In case you haven't ever heard of this concept, let's just say that the zero dimension is a point, the first is a line, then there are two dimensional things. Everyone lives in the third, and the fourth is time. Those are truly the only ones we can understand. The rest are theoretical, but that doesn't stop lots of people from trying to make sense of them. The final is all the alternative possibilities for that first point, leads to the concept of string theory, and some place in between is quantam mechanics.  Understood? If not, let's just say that I'm not sure I do either.

Youngest watched a You Tube video first, then a Nova episode on String Theory, then I showed him some other websites that referred to the various dimensions.  His eyes glazed over by the time we started looking that math that people had developed to explain each dimension, and I encouraged him often to reconsider a new topic. But he's pigheaded like his mother, so I expect soon to have a tri-folded presentation about these theories before the end of next month.  Still, it was the idea that all of us could have alternative lives, that we could have married other people, not married, not graduated from school or chose the priesthood or something else very different from our current lives that intrigued me.  And after listening to this woman today, I had to examine my own ideas on this.

I'm a person that truly loves concrete concepts.  This idea that there's a universe somewhere where I might have a pierced nose is more than I want to accept!  And I can't imagine my life without our sons, nor marrying someone besides The Man Who Puts Up With Me.  All that said, I wonder if there's another Me out there that doesn't struggle with weight problems, or maybe went on to get her Master's degree or even became a famous actress or something.  I know that the possibilities in the tenth dimension are only limited to the size of our imagination. Still, I'd like to imagine a much nicer house, more money, and a housekeeper. The rest of my reality is fine.

I can relate to times in my life when I've made a decision that I later regretted.  No doubt about it, my twenties were wasted on choices I made that were quite bad. But I made the left turn to change my life.

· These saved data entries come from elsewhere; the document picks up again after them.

(* The lattice is infinite, so there is no maximum of [w - v] to follow; instead a
   bound [M] on [w - v] over a window of length [step] improves to [M / 2]. *)
Lemma comparison_halving t0 M : tau <= t0 -> 0 <= M ->
  (forall j, w t0 j <= v t0 j) ->
  (forall j s, t0 <= s <= T -> s <= t0 + step -> w s j - v s j <= M) ->
  forall j s, t0 <= s <= T -> s <= t0 + step -> w s j - v s j <= M / 2.
Proof.
  intros Ht0 HM Hinit Hwin j s Hs Hsh.
  pose proof lip_pos as Hlip. pose proof step_pos as Hstep.
  assert (Hgrowth : w s j - v s j <= 2 * lip * M * (s - t0)).
  { apply (increment_le_of_derive_le_where_pos (fun s => w s j - v s j));
      [lra|nra|specialize (Hinit j); lra|].
    intros x Hx. destruct (w_subsolution j x ltac:(lra)) as [dw [Hdw Hdwle]].
    exists (dw - rhs beta (v x) j). split.
    { apply (is_derive_minus (fun s => w s j) (fun s => v s j));
        [exact Hdw|apply v_solution; lra]. }
    intro Hpos. rewrite !rhs_expand in *.
    destruct (bounds j x ltac:(lra)) as [Hv [Hw _]].
    destruct (bounds (j - 1)%Z x ltac:(lra)) as [Hvm [Hwm _]].
    destruct (bounds (j + 1)%Z x ltac:(lra)) as [Hvp [Hwp _]].
    assert (Rpower (w x j) beta <= Rpower (v x j) beta) by (apply Rle_Rpower_l_nonpos; lra).
    pose proof (Rpower_neg_lipschitz beta eps (v x (j - 1)%Z) (w x (j - 1)%Z) M
                  beta_neg eps_pos Hvm Hwm HM ltac:(apply Hwin; lra)).
    pose proof (Rpower_neg_lipschitz beta eps (v x (j + 1)%Z) (w x (j + 1)%Z) M
                  beta_neg eps_pos Hvp Hwp HM ltac:(apply Hwin; lra)).
    unfold lip. lra. }
  assert (2 * lip * M * (s - t0) <= 2 * lip * M * step) by (apply Rmult_le_compat_l; nra).
  replace (M / 2) with (2 * lip * M * step) by (unfold step; field; lra). lra.
Qed.

Lemma comparison_window t0 : tau <= t0 -> (forall j, w t0 j <= v t0 j) ->
  forall j s, t0 <= s <= T -> s <= t0 + step -> w s j <= v s j.
Proof.
  intros Ht0 Hinit.
  assert (Hm : forall m j s, t0 <= s <= T -> s <= t0 + step -> w s j - v s j <= B / 2 ^ m).
  { induction m as [|m IH]; intros j s Hs Hsh.
    - replace (B / 2 ^ 0) with B by (simpl; field). apply bounds; lra.
    - replace (B / 2 ^ S m) with (B / 2 ^ m / 2) by (simpl; field; apply pow_nonzero; lra).
      apply (comparison_halving t0); auto.
      apply Rdiv_le_0_compat; [exact B_nonneg|apply pow_lt; lra]. }
  intros j s Hs Hsh.
  pose proof (le_0_of_forall_le_div_pow2 _ B (fun m => Hm m j s Hs Hsh)). lra.
Qed.

Lemma comparison_principle : forall j t, tau <= t <= T -> w t j <= v t j.
Proof.
  pose proof step_pos as Hstep.
  assert (Hsteps : forall n j t, tau <= t <= T -> t <= tau + INR n * step -> w t j <= v t j).
  { induction n as [|n IH]; intros j t Ht Htn.
    - simpl in Htn. replace t with tau by lra. apply w_le_v_initially.
    - destruct (Rle_dec t (tau + INR n * step)) as [Hle|Hgt]; [now apply IH|].
      rewrite S_INR in Htn. pose proof (pos_INR n).
      apply (comparison_window (tau + INR n * step)); try nra.
      intro i. apply IH; nra. }
  intros j t Ht. destruct (INR_unbounded ((t - tau) / step)) as [n Hn].
  apply (Hsteps n); [exact Ht|].
  apply (Rmult_lt_compat_r step) in Hn; [|exact Hstep].
  replace ((t - tau) / step * step) with (t - tau) in Hn by (field; lra). lra.
Qed.

End Comparison.

Fixpoint steps_to_level (d : R) (u0 : zseq) (n : nat) (j : Z) : nat :=
  if Rle_dec d (u0 j) then O
  else match n with O => O | S n => S (steps_to_level d u0 n (j + 1)) end.

Section StepsToLevel.

Variables (d : R) (u0 : zseq).

Lemma steps_to_level_le n j : (steps_to_level d u0 n j <= n)%nat.
Proof.
  revert j. induction n as [|n IH]; intro j; simpl; destruct (Rle_dec d (u0 j)); try lia.
  specialize (IH (j + 1)%Z). lia.
Qed.

Lemma steps_to_level_at n j : d <= u0 j -> steps_to_level d u0 n j = O.
Proof. intro H. destruct n; simpl; destruct (Rle_dec d (u0 j)); tauto. Qed.

Lemma steps_to_level_below n j : ~ d <= u0 j ->
  steps_to_level d u0 (S n) j = S (steps_to_level d u0 n (j + 1)).
Proof. intro H. simpl. destruct (Rle_dec d (u0 j)); tauto. Qed.

Lemma steps_to_level_stable n m j : (m <= n)%nat -> d <= u0 (j + Z.of_nat m)%Z ->
  steps_to_level d u0 (S n) j = steps_to_level d u0 n j.
Proof.
  revert m j. induction n as [|n IH]; intros m j Hmn Hm.
  - replace m with O in Hm by lia. rewrite Z.add_0_r in Hm.
    now rewrite !steps_to_level_at.
  - destruct (Rle_dec d (u0 j)) as [Hj|Hj]; [now rewrite !steps_to_level_at|].
    destruct m as [|m]; [rewrite Z.add_0_r in Hm; contradiction|].
    rewrite (steps_to_level_below (S n) j Hj), (steps_to_level_below n j Hj). f_equal.
    apply (IH m); [lia|]. now replace (j + 1 + Z.of_nat m)%Z with (j + Z.of_nat (S m))%Z by lia.
Qed.

Lemma steps_to_level_succ L j : PLd L d u0 -> ~ d <= u0 j ->
  (1 <= steps_to_level d u0 L j)%nat /\
  steps_to_level d u0 L (j + 1) = (steps_to_level d u0 L j - 1)%nat.
Proof.
  intros [_ HP] Hj. destruct (HP j) as [l [Hjl [HlL Hl]]].
  destruct L as [|L]; [lia|].
  rewrite steps_to_level_below by exact Hj. split; [lia|].
  rewrite Nat.sub_1_r, Nat.pred_succ.
  apply (steps_to_level_stable L (Z.to_nat (l - j - 1))); [lia|].
  now replace (j + 1 + Z.of_nat (Z.to_nat (l - j - 1)))%Z with l by lia.
Qed.

End StepsToLevel.

Definition weight (L r : nat) : R := INR r * (INR L + 1 - INR r).

Lemma weight_bounds L r : (r <= S L)%nat -> 0 <= weight L r <= (INR L + 1) ^ 2.
Proof.
  intro H. apply le_INR in H. rewrite S_INR in H. pose proof (pos_INR r).
  unfold weight. split; nra.
Qed.

Lemma weight_second_difference L r : (1 <= r)%nat ->
  2 * weight L r - weight L (r - 1) - weight L (S r) = 2.
Proof.
  intro H. unfold weight. rewrite minus_INR, (S_INR r) by lia. change (INR 1) with 1. ring.
Qed.

Lemma weight_steps_to_level_pred L d u0 j : PLd L d u0 -> ~ d <= u0 j ->
  weight L (steps_to_level d u0 L (j - 1)) <= weight L (S (steps_to_level d u0 L j)).
Proof.
  intros HP Hj. pose proof (steps_to_level_le d u0 L j).
  destruct (Rle_dec d (u0 (j - 1)%Z)) as [Hl|Hl].
  - rewrite steps_to_level_at by exact Hl.
    unfold weight at 1. simpl. rewrite Rmult_0_l. apply weight_bounds. lia.
  - destruct (steps_to_level_succ d u0 L (j - 1) HP Hl) as [H1 H2].
    replace (j - 1 + 1)%Z with j in H2 by lia.
    replace (steps_to_level d u0 L (j - 1)) with (S (steps_to_level d u0 L j)) by lia. lra.
Qed.

Section Barrier.

Variables (beta : R) (L : nat) (d : R).
Hypothesis beta_neg : beta < 0.
Hypothesis d_pos : 0 < d.

Definition hexp : R := 1 / (1 - beta).
Definition bmin : R := Rpower (d / 2) beta.
Definition bmax : R := bmin + d * (INR L + 1) ^ 2.
Definition slope : R := 2 * bmax / hexp.
Definition tstar : R := Rmin 1 (Rpower (d / (2 * slope)) (1 / hexp)).
Definition cmin : R := Rpower bmax (1 / beta).

Lemma hexp_bounds : 0 < hexp < 1.
Proof.
  unfold hexp. split; [apply Rdiv_lt_0_compat; lra|].
  apply (Rmult_lt_reg_r (1 - beta)); [lra|]. field_simplify; lra.
Qed.

Lemma hexp_mul_beta : hexp * beta = hexp - 1.
Proof. unfold hexp. field. lra. Qed.

Lemma inv_beta_nonpos : 1 / beta <= 0.
Proof. unfold Rdiv. rewrite Rmult_1_l. left. now apply Rinv_lt_0_compat. Qed.

Lemma bmin_pos : 0 < bmin.
Proof. apply Rpower_pos. Qed.

Lemma bmin_le_bmax : bmin <= bmax.
Proof. unfold bmax. pose proof (pos_INR L). nra. Qed.

Lemma slope_pos : 0 < slope.
Proof.
  pose proof hexp_bounds. pose proof bmin_pos. pose proof bmin_le_bmax.
  unfold slope. apply Rdiv_lt_0_compat; lra.
Qed.

Lemma tstar_bounds : 0 < tstar <= 1.
Proof. unfold tstar. split; [apply Rmin_glb_lt; [lra|apply Rpower_pos]|apply Rmin_l]. Qed.

Lemma slope_mul_tstar t : 0 < t <= tstar -> slope * Rpower t hexp <= d / 2.
Proof.
  intro Ht. pose proof hexp_bounds. pose proof slope_pos.
  assert (Hroot : Rpower t hexp <= d / (2 * slope)).
  { apply Rpower_le_of_le_root; [apply Rdiv_lt_0_compat; lra|lra|].
    pose proof (Rmin_r 1 (Rpower (d / (2 * slope)) (1 / hexp))). unfold tstar in Ht. lra. }
  apply (Rmult_le_compat_l slope) in Hroot; [|lra].
  replace (slope * (d / (2 * slope))) with (d / 2) in Hroot by (field; lra). exact Hroot.
Qed.

Lemma cmin_bounds : 0 < cmin <= d / 2.
Proof.
  split; [apply Rpower_pos|]. unfold cmin.
  rewrite <- (Rpower_inv_Rpower (d / 2) beta) by lra. fold bmin.
  apply Rle_Rpower_l_nonpos; [apply inv_beta_nonpos|].
  pose proof bmin_pos. pose proof bmin_le_bmax. lra.
Qed.

Lemma cmin_pow : Rpower cmin beta = bmax.
Proof.
  pose proof bmin_pos. pose proof bmin_le_bmax.
  unfold cmin. apply Rpower_Rpower_inv; lra.
Qed.

Variable u0 : zseq.

(* The barrier is self-similar in time: [(a t^hexp)^beta = a^beta t^(hexp-1)] turns
   the subsolution inequality into a condition on [barrier_coef], which holds because
   [weight] is concave in the distance to the next site where [u0 >= d]. *)
Definition barrier_coef (j : Z) : R := bmin + d * weight L (steps_to_level d u0 L j).
Definition barrier_amp (j : Z) : R := Rpower (barrier_coef j) (1 / beta).
Definition barrier (t : R) (j : Z) : R :=
  if Rle_dec d (u0 j) then d - slope * Rpower t hexp else barrier_amp j * Rpower t hexp.

Lemma barrier_coef_bounds j : bmin <= barrier_coef j <= bmax.
Proof.
  unfold barrier_coef, bmax.
  pose proof (weight_bounds L (steps_to_level d u0 L j)
                ltac:(pose proof (steps_to_level_le d u0 L j); lia)).
  split; nra.
Qed.

Lemma barrier_coef_concave j : PLd L d u0 -> ~ d <= u0 j ->
  2 * d <= 2 * barrier_coef j - barrier_coef (j - 1) - barrier_coef (j + 1).
Proof.
  intros HP Hj. unfold barrier_coef.
  destruct (steps_to_level_succ d u0 L j HP Hj) as [H1 ->].
  pose proof (weight_steps_to_level_pred L d u0 j HP Hj).
  pose proof (weight_second_difference L _ H1). nra.
Qed.

Lemma barrier_amp_bounds j : cmin <= barrier_amp j <= d / 2.
Proof.
  pose proof (barrier_coef_bounds j). pose proof bmin_pos. pose proof inv_beta_nonpos.
  unfold barrier_amp, cmin. split; [apply Rle_Rpower_l_nonpos; lra|].
  rewrite <- (Rpower_inv_Rpower (d / 2) beta) by lra. fold bmin.
  apply Rle_Rpower_l_nonpos; lra.
Qed.

Lemma barrier_at_level t j : d <= u0 j -> barrier t j = d - slope * Rpower t hexp.
Proof. intro Hj. unfold barrier. now destruct (Rle_dec d (u0 j)). Qed.

Lemma barrier_below_level t j : ~ d <= u0 j -> barrier t j = barrier_amp j * Rpower t hexp.
Proof. intro Hj. unfold barrier. now destruct (Rle_dec d (u0 j)). Qed.

Lemma barrier_pow_below_level t j : ~ d <= u0 j ->
  Rpower (barrier t j) beta = barrier_coef j * Rpower t (hexp - 1).
Proof.
  intro Hj. rewrite barrier_below_level by exact Hj.
  pose proof (barrier_coef_bounds j). pose proof bmin_pos.
  unfold barrier_amp. rewrite Rpower_mult_Rpower by apply Rpower_pos.
  now rewrite Rpower_Rpower_inv, hexp_mul_beta by lra.
Qed.

Lemma barrier_at_level_bounds t j : 0 < t <= tstar -> d <= u0 j ->
  d / 2 <= barrier t j <= d.
Proof.
  intros Ht Hj. rewrite barrier_at_level by exact Hj.
  pose proof (slope_mul_tstar t Ht). pose proof slope_pos. pose proof (Rpower_pos t hexp).
  nra.
Qed.

Lemma barrier_pow_le t j : 0 < t <= tstar ->
  Rpower (barrier t j) beta <= barrier_coef j * Rpower t (hexp - 1).
Proof.
  intros Ht. pose proof tstar_bounds. pose proof hexp_bounds.
  destruct (Rle_dec d (u0 j)) as [Hj|Hj]; [|rewrite barrier_pow_below_level; lra].
  pose proof (barrier_at_level_bounds t j Ht Hj).
  assert (Rpower (barrier t j) beta <= bmin) by (apply Rle_Rpower_l_nonpos; lra).
  assert (1 <= Rpower t (hexp - 1)) by (apply Rpower_ge_1_of_le_1; lra).
  pose proof (barrier_coef_bounds j). pose proof bmin_pos. nra.
Qed.

Lemma barrier_ge t j : 0 < t <= tstar -> cmin * Rpower t hexp <= barrier t j.
Proof.
  intro Ht. pose proof tstar_bounds. pose proof cmin_bounds. pose proof hexp_bounds.
  pose proof (Rpower_pos t hexp).
  destruct (Rle_dec d (u0 j)) as [Hj|Hj].
  - pose proof (barrier_at_level_bounds t j Ht Hj).
    assert (Rpower t hexp <= 1) by (apply Rpower_le_1_of_le_1; lra). nra.
  - rewrite barrier_below_level by exact Hj. pose proof (barrier_amp_bounds j). nra.
Qed.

And like this woman, I've met up with the Guy I Used to Date. Believe me, I got the better choice with the one I married. Unlike her, my marriage hasn't been a prision sentence, where time dragged mercilessly on. I can't believe it's been eighteen years.

I feel for the woman at the laundromat. It's got to be tough to look back on life and wish you had taken a left instead of a right.  It's tough to be glad your husband is dead, to know you would NEVER marry again because it was a hassle.  My reality is better, even if no one can really understand it except our Youngest Son.

1 comment:

  1. Hi Beth! I've thought about this quite often from time to time. It's hard for me to wrap my head around parallel universes or dimensions though. But there's something really hopeful and exciting at the thought that 'out there', I'm ALREADY all the things I'm striving to be today. Like - somewhere, in some time, I'm already completely synced and aligned with my True Nature and Life Purpose. I'm already the embodiment of Peace, Light, Love and Compassion. I've already figured out what to do 'next' and consistently transition with ease.

    And if I'm remembering correctly (my memory's still hazy being that I'm still in THIS dimension and not in the one where my Memory outputs with ease)~ is Quantum Leap the ability to immediately materialize something from another dimension now, without the evolution and time it may take otherwise?

    There is so much I don't know ~ and all I don't know is FASCINATING to me.

    I would love to know how Youngest captures this in a Science Project. What a star!!